Showing posts with label mushrooms. Show all posts
Showing posts with label mushrooms. Show all posts

9.05.2012

Chicken-of-the-trees



Above: Matt, victorious after having employed his rock climbing gear and a pole saw to safely scale an oak tree and retrieve the plump chicken-of-the-woods high on its trunk.

Below: Chicken, collected and piled after having plummeted and smashed on the boulders below.


8.21.2012

Earthy sustenance




Yesterday was what mushroom forager's dreams are made of. We found good quantities of old favorites, a special treat we've never tried, and a torrent - yes, a torrent - of precious black trumpets cascading down a creek bank and pooling up against rocks and tree trunks at the bottom.

Clockwise from just-past-noon, above: flame-colored chanterelle (not a true chanterelle, but choice nonetheless, and glowing like sunset in the right light), black trumpies (poor-man's truffles), candy caps (they smell strongly of brown sugar and burnt soy sauce), hedgehogs (surely destined for pizza this week), oysters, trumpies again, and fish milk-caps (Matt's all-time favorite mushroom, for the way it fries up crunchy and golden and elevates his daily omelet to the level of manna-from-heaven).

A day of fall weather in late summer, following our sightlines through the woods, ducking spiderwebs, under brush, back and forth across the creek... letting go of anxiety in order to appreciate pure magic. Getting wet, then watching the rain from the back porch, bundled in wool for the first time in months. Mushrooms for our bellies, and the free, wild sustenance of connecting with the forest, for our hearts.

9.17.2011

Hell yeah



Matt found a big old maitake (hen of the woods mushroom)! We made fritters last night, and he added a maitake-red-onion-and-sage focaccia to his Friday night bake.

8.25.2011

Good god am I grumpy

and I have been for days. Would you like to hear about the prick on a 4-wheeler whose head I nearly threw a rock at? Or how I wished the man driving the Halliburton truck that just about toppled me into the ditch would EAT A POISONOUS MUSHROOM AND DIE?

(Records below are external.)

Lemma surv_uniform eps : 0 < eps ->
  exists N, forall n, (N <= n)%N -> forall i, surv n i < eps.
Proof.
move=> eps0; have [C C0 Mrow_le] := Mrow_bounded.
pose e := eps / (4 * C); have e0 : 0 < e by rewrite divr_gt0 ?mulr_gt0.
have [N tail] := Mrow_tail e0; have [n0 head] := surv_small_prefix N e0.
exists n0.+1 => -[//|m]; rewrite ltnS => n0m i.
have eC : (e%:E * Mrow p i <= (e * C)%:E)%E.
  by rewrite EFinM; apply: (lee_wpmul2l _ (Mrow_le i)); rewrite lee_fin ltW.
have : ((surv m.+1 i)%:E <= (e * C + e * C)%:E)%E.
  rewrite EFinD.
  apply: le_trans (surv_succ_le i (ltW e0) (fun j jN => ltW (head m n0m j jN))) _.
  exact: leeD eC (le_trans (tail N (leqnn N) i) eC).
rewrite lee_fin => /le_lt_trans; apply.
have -> : e * C = eps / 4 by rewrite /e invfM mulrA mulrAC -mulrA mulfV ?mulr1 ?gt_eqF.
lra.
Qed.

End RightEigenvector.
End LeftEigenvector.
End GaltonWatson.

Theorem lemma4 (R : realType) (p : nat -> (nat -> nat) -> R) :
  offspring_law p -> class_M1 p -> ~ F_linear p ->
  forall eps : R, 0 < eps -> exists N : nat, forall n : nat, (N <= n)%N ->
    forall (i : nat) (s : nat -> R), (forall j, 0 < s j <= 1) ->
      `|1 - Fiter p n s i| < eps.
Proof.
move=> [p_ge0 p_fin p_sum1] [Mrow_fin [[irr _ _ _ _]
  [[v [u [v_gt0 u_gt0 vM Mu [_ v_sum1 [B u_le]]]]] [tail _]]]] nonlinear eps eps0.
have [N surv_small] := surv_uniform p_ge0 p_fin p_sum1 v_gt0 vM v_sum1 nonlinear irr
  Mrow_fin u_gt0 Mu u_le tail eps0.
exists N => n Nn i s s01.
have s_cube : in_unit_cube s by move=> j; case/andP: (s01 j) => /ltW -> ->.
have /andP[_ F_le1] := Fiter_cube p_ge0 p_fin p_sum1 n s_cube i.
rewrite ger0_norm ?subr_ge0 //.
exact: le_lt_trans (one_sub_Fiter_le_surv p_ge0 p_fin p_sum1 n i s_cube)
  (surv_small n Nn i).
Qed.
(* Let $\boldsymbol V$ be a generically irreducible $(\boldsymbol{\mathfrak g}_d,K)$-module for $G(\mathbb R)=SL(2,\mathbb R)$. Then $H_{D_d}(\boldsymbol V)=0$ if and only if $\mathcal K(\boldsymbol V)=2\mathbb Z$ or $\mathcal K(\boldsymbol V)=2\mathbb Z+1$. Moreover, for $m\in\mathbb N$ (resp. $m\in\mathbb N_0$ in case 3), as $\boldsymbol{\mathfrak k}$-modules over $\mathbb C[t]$: (1) if $\mathcal K(\boldsymbol V)=\{m,m+2,m+4,\dots\}$ then $H_{D_d}(\boldsymbol V)\cong\mathbb C[t]\{v_m\otimes\tilde y\}$, whose only $\tilde h$-weight is $m-1$; (2) if $\mathcal K(\boldsymbol V)=\{-m,-m-2,\dots\}$ then $H_{D_d}(\boldsymbol V)\cong\mathbb C[t]\{v_{-m}\otimes1\}$, whose only weight is $-m+1$; (3) if $\mathcal K(\boldsymbol V)=\{-m,-m+2,\dots,m\}$ then $H_{D_d}(\boldsymbol V)\cong\mathbb C[t]\{v_m\otimes1,\ v_{-m}\otimes\tilde y\}$, whose only weights are $m+1$ and $-m-1$.
   Context: $\mathfrak g=\mathfrak{sl}(2,\mathbb C)$, $K=SO(2,\mathbb C)$, with an $\mathfrak{sl}_2$-triple $x,y,h$ ($[x,y]=h$, $[h,x]=2x$, $[h,y]=-2y$) such that $\mathfrak k=\mathbb Ch$, $\mathfrak p=\mathbb Cx\oplus\mathbb Cy$. In $\mathbb C[t]\otimes\mathfrak g$ put $\tilde x=t\otimes x$, $\tilde y=t\otimes y$, $\tilde h=1\otimes h$; the deformation family is $\boldsymbol{\mathfrak g}_d=\boldsymbol{\mathfrak k}\oplus\boldsymbol{\mathfrak p}_d$, $\boldsymbol{\mathfrak k}=\mathbb C[t]\tilde h$, $\boldsymbol{\mathfrak p}_d=\mathbb C[t]\tilde x\oplus\mathbb C[t]\tilde y$, with $[\tilde h,\tilde x]=2\tilde x$, $[\tilde h,\tilde y]=-2\tilde y$, $[\tilde x,\tilde y]=t^2\tilde h$. The form $\boldsymbol\beta_d$ on $\boldsymbol{\mathfrak p}_d$ has $\boldsymbol\beta_d(\tilde x,\tilde x)=\boldsymbol\beta_d(\tilde y,\tilde y)=0$, $\boldsymbol\beta_d(\tilde x,\tilde y)=4$; $Cl(\boldsymbol{\mathfrak p}_d)$ its Clifford algebra ($XY+YX=\boldsymbol\beta_d(X,Y)$) with canonical map $\gamma_d$. Spin module $\boldsymbol S_d=\bigwedge(\mathbb C[t]\tilde y)=\mathbb C[t]1\oplus\mathbb C[t]\tilde y$ with $\gamma_d(\tilde x)1=0$, $\gamma_d(\tilde x)\tilde y=4$, $\gamma_d(\tilde y)1=\tilde y$, $\gamma_d(\tilde y)\tilde y=0$; $\tilde h$ acts on $\boldsymbol S_d$ by $\frac12\gamma_d(\tilde x)\gamma_d(\tilde y)-1$ (weights $1$ on $1$, $-1$ on $\tilde y$), and on $\boldsymbol V\otimes\boldsymbol S_d$ diagonally. Dirac operator $D_d=\frac14(\tilde x\otimes\gamma_d(\tilde y)+\tilde y\otimes\gamma_d(\tilde x))$ acting on $\boldsymbol V\otimes_{\mathbb C[t]}\boldsymbol S_d$; $H_{D_d}(\boldsymbol V)=\ker D_d/(\ker D_d\cap\mathrm{im}D_d)$. A generically irreducible $(\boldsymbol{\mathfrak g}_d,K)$-module (flat $\mathbb C[t]$-module with compatible actions, all but countably many fibers irreducible) decomposes as $\boldsymbol V=\bigoplus_{j\in\mathcal K(\boldsymbol V)}\boldsymbol V_j$, $\tilde h$ acting on $\boldsymbol V_j$ by $j$, each $\boldsymbol V_j$ free of rank one with generator $v_j$; $\mathcal K(\boldsymbol V)$ (the set of $K$-types, identified with $\tilde h$-weights) equals the $K$-type set of some irreducible $(\mathfrak{sl}(2,\mathbb C),K)$-module, i.e. one of $\{m,m+2,\dots\}$, $\{-m,-m-2,\dots\}$ ($m\ge1$), $\{-m,\dots,m\}$ ($m\ge0$), $2\mathbb Z$, $2\mathbb Z+1$. *)

From HB Require Import structures.
From mathcomp Require Import all_boot all_order all_algebra.
From mathcomp Require Import complex.
From mathcomp Require Import boolp classical_sets cardinality reals.
Set Implicit Arguments. Unset Strict Implicit. Unset Printing Implicit Defensive.
Import Order.TTheory GRing.Theory Num.Theory.
Local Open Scope ring_scope.
Local Open Scope classical_set_scope.
Local Open Scope complex_scope.
(* Let $u\in U$, $w'\in W$, and let $y_1,\dots,y_N\in F$ and $\pi_1,\dots,\pi_{N+1}\in W$ be produced by the decomposition procedure below. Define $\sigma_{N+1}=w'$ and, for $k=N,\dots,1$, $\sigma_k=\sigma_{k+1}$ if step $k$ is of type A and $\sigma_k=s_{i_k}\sigma_{k+1}$ if step $k$ is of type B; equivalently \[ \sigma_k=\Big[\prod_{j=k}^{N}\begin{cases}1&\text{if step }j\text{ is of type A}\\ s_{i_j}&\text{if step }j\text{ is of type B}\end{cases}\Big]w' . \] Then for every $k=1,\dots,N+1$, as elements of $W$, \[ \pi_k=s_{i_N}s_{i_{N-1}}\cdots s_{i_k}\,\sigma_k , \] and in particular $\pi_1=w_0\sigma_1$.
   Context: Let $F$ be a non-archimedean local field with ring of integers $\mathcal{O}$, maximal ideal $\mathfrak{p}$, unit group $\mathcal{O}^\times$, residue field $\mathbb{F}_q$. Let $G$ be a split connected reductive group over $F$ with split maximal torus $T$, irreducible root system $\Phi$, positive roots $\Phi^+$, $\Phi^-=-\Phi^+$, simple roots $\alpha_i$, coroots $\alpha^\vee$, Weyl group $W$ with simple reflections $s_i$ acting on $\Phi$. Let $n\ge1$ with $q\equiv1\pmod{2n}$ and $\widetilde G$ an $n$-fold metaplectic cover of $G(F)$ (central extension by $\mu_n$); $\widetilde H$ = preimage of $H$. The cover splits over $K=G(\mathcal{O})$ and unipotent subgroups. Steinberg generators $e_\alpha(x)$, $w_\alpha(x)=e_\alpha(x)e_{-\alpha}(-x^{-1})$, $h_\alpha(x)=w_\alpha(x)w_\alpha(-1)\in\widetilde T$, with $h_\alpha(x)e_\beta(y)h_\alpha(x)^{-1}=e_\beta(x^{\langle\beta,\alpha^\vee\rangle}y)$. $U^+$ (resp. $U=U^-$) is generated by $e_\alpha(x)$ (resp. $e_{-\alpha}(x)$), $\alpha\in\Phi^+$, $x\in F$. $J$ = preimage of $B^-(\mathbb{F}_q)$ under $G(\mathcal{O})\to G(\mathbb{F}_q)$. Weyl elements are identified with fixed representatives in $K$ ($s_i\leftrightarrow w_{\alpha_i}(-1)$; $s_\alpha=vs_iv^{-1}$ if $\alpha=v(\alpha_i)\in\Phi^+$). Fix a reduced word $w_0=s_{i_1}\cdots s_{i_N}$ of the longest element, $\gamma_j=s_{i_N}\cdots s_{i_{j+1}}(\alpha_{i_j})$, so $\Phi^+=\{\gamma_1,\dots,\gamma_N\}$. For $0\le k\le N$, $G_k$ = set of products $\big(\prod_{j=1}^{k-1}e_{-\gamma_j}(t_j)\big)\big(\prod_{j=k+1}^N e_{\gamma_j}(t_j)\big)$, $t_j\in F$. Fact: for $z\in F$, $g\in G_k$ there is a unique $g'\in G_k$ with $e_{-\gamma_k}(z)g=g'e_{-\gamma_k}(z)$. Decomposition procedure. Write $u=e_{-\gamma_1}(x_1)\cdots e_{-\gamma_N}(x_N)$ ($x_j\in F$ unique). Put $p_{N+1}=h_{N+1}=j_{N+1}=1$, $\pi_{N+1}=w'$, $t_N=0$. For $k=N,N-1,\dots,1$: the element $p_{k+1}$ has the form $e_{-\gamma_k}(t_k)p'_k$ with $t_k\in F$, $p'_k\in G_k$ uniquely determined; let $p''_k\in G_k$ satisfy $e_{-\gamma_k}(x_k+t_k)p'_k=p''_ke_{-\gamma_k}(x_k+t_k)$; define $y_k\in F$ by $h_{k+1}^{-1}e_{-\gamma_k}(x_k+t_k)h_{k+1}=e_{-\gamma_k}(y_k)$. Step $k$ is of type A if $y_k\notin\mathcal{O}$, or $y_k\in\mathcal{O}^\times$ and $\pi_{k+1}^{-1}(\gamma_k)\in\Phi^-$; otherwise ($y_k\in\mathfrak{p}$, or $y_k\in\mathcal{O}^\times$ and $\pi_{k+1}^{-1}(\gamma_k)\in\Phi^+$) of type B. Type A: $h_k=h_{k+1}h_{\gamma_k}(y_k^{-1})$, $\pi_k=s_{\gamma_k}\pi_{k+1}$, $j_k=e_{\pi_{k+1}^{-1}(\gamma_k)}(y_k^{-1})j_{k+1}$, $p_k=p''_k\,h_ke_{\gamma_k}(y_k)h_k^{-1}$. Type B: $h_k=h_{k+1}$, $\pi_k=\pi_{k+1}$, $j_k=e_{-\pi_{k+1}^{-1}(\gamma_k)}(y_k)j_{k+1}$, $p_k=p''_k$. *)

From mathcomp Require Import all_boot all_order all_algebra.
Set Implicit Arguments. Unset Strict Implicit. Unset Printing Implicit Defensive.
Import Order.TTheory GRing.Theory Num.Theory.
Local Open Scope ring_scope.

Section RootData.
Variables (R : realFieldType) (n r : nat).

Definition dotv (u v : 'cV[R]_n) : R := (u^T *m v) 0 0.

(* The reflection s_a : x |-> x - (2 (x,a)/(a,a)) a, as a matrix acting on
   column vectors on the left, so that group product = matrix product. *)
Definition refl (a : 'cV[R]_n) : 'M[R]_n :=
  1%:M - (2 / dotv a a) *: (a *m a^T).

Definition root_system (Phi : seq 'cV[R]_n) : Prop :=
  [/\ 0 \notin Phi,
      (forall a b, a \in Phi -> b \in Phi -> refl a *m b \in Phi),
      (forall a b, a \in Phi -> b \in Phi ->
         exists z : int, 2 * dotv b a / dotv a a = z%:~R) &
      (forall a (c : R), a \in Phi -> c *: a \in Phi -> c = 1 \/ c = -1)].

Definition irreducible_rs (Phi : seq 'cV[R]_n) : Prop :=
  Phi <> [::] /\
  forall P : pred 'cV[R]_n,
    (forall a b, a \in Phi -> b \in Phi -> P a -> ~~ P b -> dotv a b = 0) ->
    all P Phi \/ all (predC P) Phi.

Definition is_base (Phi : seq 'cV[R]_n) (alpha : 'I_r -> 'cV[R]_n) : Prop :=
  [/\ (forall i, alpha i \in Phi),
      (forall c : 'I_r -> R, \sum_i c i *: alpha i = 0 -> forall i, c i = 0) &
      (forall b, b \in Phi -> exists c : 'I_r -> int,
          b = \sum_i (c i)%:~R *: alpha i /\
          ((forall i, 0 <= c i) \/ (forall i, c i <= 0)))].

Definition posroot (Phi : seq 'cV[R]_n) (alpha : 'I_r -> 'cV[R]_n)
  (b : 'cV[R]_n) : Prop :=
  b \in Phi /\ exists c : 'I_r -> int,
    (forall i, 0 <= c i) /\ b = \sum_i (c i)%:~R *: alpha i.
Definition negroot Phi alpha (b : 'cV[R]_n) : Prop := posroot Phi alpha (- b).

Definition wordprod (alpha : 'I_r -> 'cV[R]_n) (s : seq 'I_r) : 'M[R]_n :=
  foldr (fun i M => refl (alpha i) *m M) 1%:M s.

Definition inW (alpha : 'I_r -> 'cV[R]_n) (w : 'M[R]_n) : Prop :=
  exists s : seq 'I_r, w = wordprod alpha s.

Definition w0_of (alpha : 'I_r -> 'cV[R]_n) (N : nat) (i : nat -> 'I_r) :=
  wordprod alpha [seq i j | j <- iota 1 N].

(* i_1 ... i_N is a reduced word for the longest element of W:
   it is reduced (no shorter word gives the same element) and every element
   of W has length <= N (so w0 has maximal length). *)
Definition longest_reduced_word (alpha : 'I_r -> 'cV[R]_n) (N : nat)
  (i : nat -> 'I_r) : Prop :=
  (forall s, wordprod alpha s = w0_of alpha N i -> (N <= size s)%N) /\
  (forall w, inW alpha w -> exists s, (size s <= N)%N /\ w = wordprod alpha s).

(* s_{i_N} s_{i_{N-1}} ... s_{i_k}  (empty product = 1 when k = N+1). *)
Definition tailprod (alpha : 'I_r -> 'cV[R]_n) (N : nat) (i : nat -> 'I_r)
  (k : nat) : 'M[R]_n :=
  wordprod alpha [seq i j | j <- rev (iota k (N.+1 - k))].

Probably not. Instead, here are three things that have managed to crack my crappy mood.

Oh hell, I can only come up with two.


9.05.2010

Four Hopes

one I've been checking milkweed plants for monarch butterfly caterpillars my whole life. In my (un)professional life, the caterpillar search is useful as a diversion from weeding, which becomes really freakin' tedious somewhere around August 1st.

But monarch caterpillars aren't as plentiful as they were in my childhood. I didn't find one for years. With a bumper crop of butterflies this year, though, I was hopeful... and hope paid off.


Check out this plump specimen! The best thing about it, besides being striped and wrinkly, is: Which end is up? I think it's the left end, but maybe it's the right end.

two So you get to hoping for a thing, like say a fairy ring, and there you are, speeding through the countryside on the way back from a hike. Your boyfriend is presenting the outlook on your combined finances for the next twelve months. Somewhere just past the good news that "we ought to scrape by, plus drink really good beer," he looks out the window and says all casual, "hey, there's a fairy ring of puffballs."


Well, I'll be. So there is.

One theory on what a fairy ring is this, from Mushrooms Demystified by David Arora: "When there is an even distribution of nutrients in the environment, the mycelium of a terrestrial fungus may grow outward at the same rate in all directions, periodically producing circles of mushrooms on its outer fringes."

Another theory is that fairies partied there, last night while you were sleeping.


three With such a good track record, I thought "hell, I'll hope for a garden spider," because I was afraid they'd gone extinct. And sure enough, my friends Rena and Mark of Prospect Street Gardens showed me one of their multiple greenhouse spiders, hanging out in the harvest.


four Summer doesn't afford me much time for reading, but some days I get in about five minutes of Found Magazine, a collection of sad-hysterical-dark-and-dirty found photos, letters, etcetera. I read one night that if you send Found any money you find, they'll use it to mail their magazines to prisoners, which I thought was pretty cool. So I hoped to find some money.

Two mornings later, what did I find on our dog walk? Six bucks! Usually it's Laika, the dog, who finds good things on the ground on our dog walk. She wasn't interested in the cash because it didn't have anything brown and maggoty smeared on it that she could scarf down in a millisecond. I stepped over it on the way out, figuring I'd give anyone lurking in the bushes a chance to reclaim the part of the drug deal that got dropped on the ground. But I picked it up on the way back.

8.09.2010

Kitchen Table Still Life

Clockwise from top left: seeds for fall crops, wood-fired clay head by talented sculptor Karen O'Connor, onions I accidentally weeded out, Matt's weird stagnant toad potion (I mean basil oil), and Matt's weird something-derma mushrooms.

Clay head by Karen O'Connor, now hung on the kitchen wall.